Certaines études ne modélisent pas non plus les répercussions à long terme. On prévoit que les répercussions climatiques et les coûts associés seront beaucoup plus importants durant la deuxième moitié du siècle. Ainsi, les études qui ne vont pas au-delà de 2050 négligent les répercussions les plus grandes et les plus coûteuses.
Enfin, la plupart des études économiques utilisent le PIB comme indicateur pour mesurer les coûts et les avantages des changements climatiques. Le PIB est un indicateur de la richesse, mais il est incomplet. Parfois, les catastrophes peuvent le faire augmenter temporairement en raison de l’argent dépensé pour le nettoyage et la reprise des activités, mais ce n’est pas une bonne façon de faire croître notre économie. Le PIB ne tient pas compte non plus d’aspects importants du bien-être, comme la santé humaine, les écosystèmes et les traditions autochtones, qui seraient tous frappés par les catastrophes naturelles et d’autres effets des changements climatiques. De plus, les bienfaits économiques d’une croissance du PIB associée aux changements climatiques – s’il en existe – se feront probablement sentir chez ceux qui s’en sortent bien, alors que les populations défavorisées subiront les contrecoups.

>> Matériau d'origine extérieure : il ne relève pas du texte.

Lemma sum_e0123 : e0 k + e1 k + e2 k + e3 k = 1.
Proof.
have [<- <- <- <-] := prim_idem_paper.
rewrite -(sum_prim_idem two_neq0 b c) -(pair_bigA _ (fun s t => e (s, t))) /=.
rewrite !big_bool /= [e (true, true) + _]addrC [e (false, true) + _]addrC.
by rewrite [RHS]addrC addrA.
Qed.

Lemma gens49E : gens49 k = map paper_gen paper_gens.
Proof.
have [E0 E1 E2 E3] := prim_idem_paper.
rewrite /paper_gen /= !big_cons !big_nil /= E0 E1 E2 E3.
repeat (apply: (f_equal2 cons); last first).
all: by rewrite ?mulr0 ?add0r ?addr0 ?addrA ?sum_e0123 ?mulr1.
Qed.

Lemma sum_prim_idem_seq (s : seq (bool * bool)) :
  uniq s -> \sum_(p <- s) e p = \sum_p (p \in s)%:R *: e p.
Proof.
move=> us; rewrite big_uniq // big_mkcond; apply: eq_bigr => p _.
by case: (p \in s); rewrite ?scale1r ?scale0r.
Qed.

Lemma paper_genE G : uniq (map idem_signs G.1) -> uniq (map idem_signs G.2) ->
  paper_gen G = \sum_n (paper_support G n)%:R *: B n.
Proof.
move=> u1 u2; rewrite /paper_gen -!(big_map idem_signs xpredT) !sum_prim_idem_seq //.
rewrite -(pair_bigA _ (fun l p => (paper_support G (l, p))%:R *: B (l, p))) big_bool /=.
rewrite mulr_sumr; congr (_ + _); apply: eq_bigr => p _.
  by rewrite -scalerAr.
by rewrite Hbasis_false.
Qed.

Lemma gen_ideal_paper_gen G n : G \in paper_gens ->
  gen_ideal (paper_gen G) (B n) <-> closure (paper_support G) n.
Proof.
move=> GS; have /allP/(_ G GS)/andP[u1 u2] := paper_gens_uniq.
by rewrite paper_genE //; apply: gen_ideal_Hbasis.
Qed.

Lemma inH_paper_gen G : G \in paper_gens -> inH (paper_gen G).
Proof.
move=> GS; have /allP/(_ G GS)/andP[u1 u2] := paper_gens_uniq.
by rewrite paper_genE //; apply/inH_spanE; exists (fun n => (paper_support G n)%:R).
Qed.

Lemma ideal_classification (I : 'M[k]_8 -> Prop) : is_ideal I ->
  exists2 g, g \in gens49 k & same_ideal I (gen_ideal g).
Proof.
move=> idI.
pose S n : bool := if excluded_middle_informative (I (B n)) then true else false.
have SI n : S n <-> I (B n) by rewrite /S; case: excluded_middle_informative.
have S_closed : closedb S.
  apply/closedbP => p /SI /(ideal_support_closed idI) [].
  by split; apply/SI.
have [G GS clG] := closures_cover S_closed.
exists (paper_gen G); first by rewrite gens49E map_f.
apply: same_ideal_Hbasis => // [|n]; first exact/is_ideal_gen_ideal/inH_paper_gen.
by rewrite gen_ideal_paper_gen // clG SI.
Qed.

Lemma gens49_distinct i j : (i < 49)%N -> (j < 49)%N ->
  same_ideal (gen_ideal (nth 0 (gens49 k) i)) (gen_ideal (nth 0 (gens49 k) j)) -> i = j.
Proof.
rewrite -[49%N]/(size paper_gens) => ilt jlt.
rewrite gens49E !(nth_map ([::], [::])) // => same.
have GiS := mem_nth ([::], [::]) ilt; have GjS := mem_nth ([::], [::]) jlt.
pose cl G := map (closure (paper_support G)) idx_enum.
have : cl (nth ([::], [::]) paper_gens i) = cl (nth ([::], [::]) paper_gens j).
  apply: eq_map => n; apply/idP/idP.
  - by move/(gen_ideal_paper_gen n GiS)/same/(gen_ideal_paper_gen n GjS).
  - by move/(gen_ideal_paper_gen n GjS)/same/(gen_ideal_paper_gen n GiS).
rewrite -!(nth_map _ [::] cl) // => /eqP.
by rewrite (nth_uniq _ _ _ closures_uniq) ?size_map // => /eqP.
Qed.

End IdealsOfH.

Theorem theorem5p8 (k : closedFieldType) (char0 : [pchar k] =i pred0) :
  size (gens49 k) = 49%N /\
  (forall I : 'M[k]_8 -> Prop, is_ideal I ->
     exists2 g, g \in gens49 k & same_ideal I (gen_ideal g)) /\
  (forall i j : nat, (i < 49)%N -> (j < 49)%N ->
     same_ideal (gen_ideal (nth 0 (gens49 k) i)) (gen_ideal (nth 0 (gens49 k) j)) ->
     i = j).
Proof.
have two_neq0 : 2%:R != 0 :> k by rewrite ((pcharf0P k).1 char0).
split; first by [].
by split; [apply: ideal_classification | apply: gens49_distinct].
Qed.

Les avantages ne suffiront pas
Plus de régions et de secteurs au pays seront touchés par les effets néfastes des changements climatiques que par leurs bienfaits, et ce, même si certains des bienfaits prévus se concrétisent. Le Canada sera peut-être moins durement frappé par les changements climatiques que d’autres pays, mais ce n’est pas une raison pour cesser la réduction des émissions et l’adaptation au climat en évolution.
Comment avoir une vision plus nuancée (et plus juste) de l’avenir du Canada? Il faudrait d’abord élaborer de meilleures méthodes pour comprendre les effets des changements climatiques sur le pays. De meilleures données, propres au lieu géographique, pourront aider le Canada à éviter complètement certains de ces coûts, et à se préparer à ceux qui sont inévitables. Notre rapport, La pointe de l’iceberg, présente une introduction aux coûts connus et inconnus des changements climatiques au Canada. Les prochains rapports se pencheront davantage sur ces coûts, notamment sur ceux associés à la santé, à l’infrastructure, au Nord et à l’économie nationale.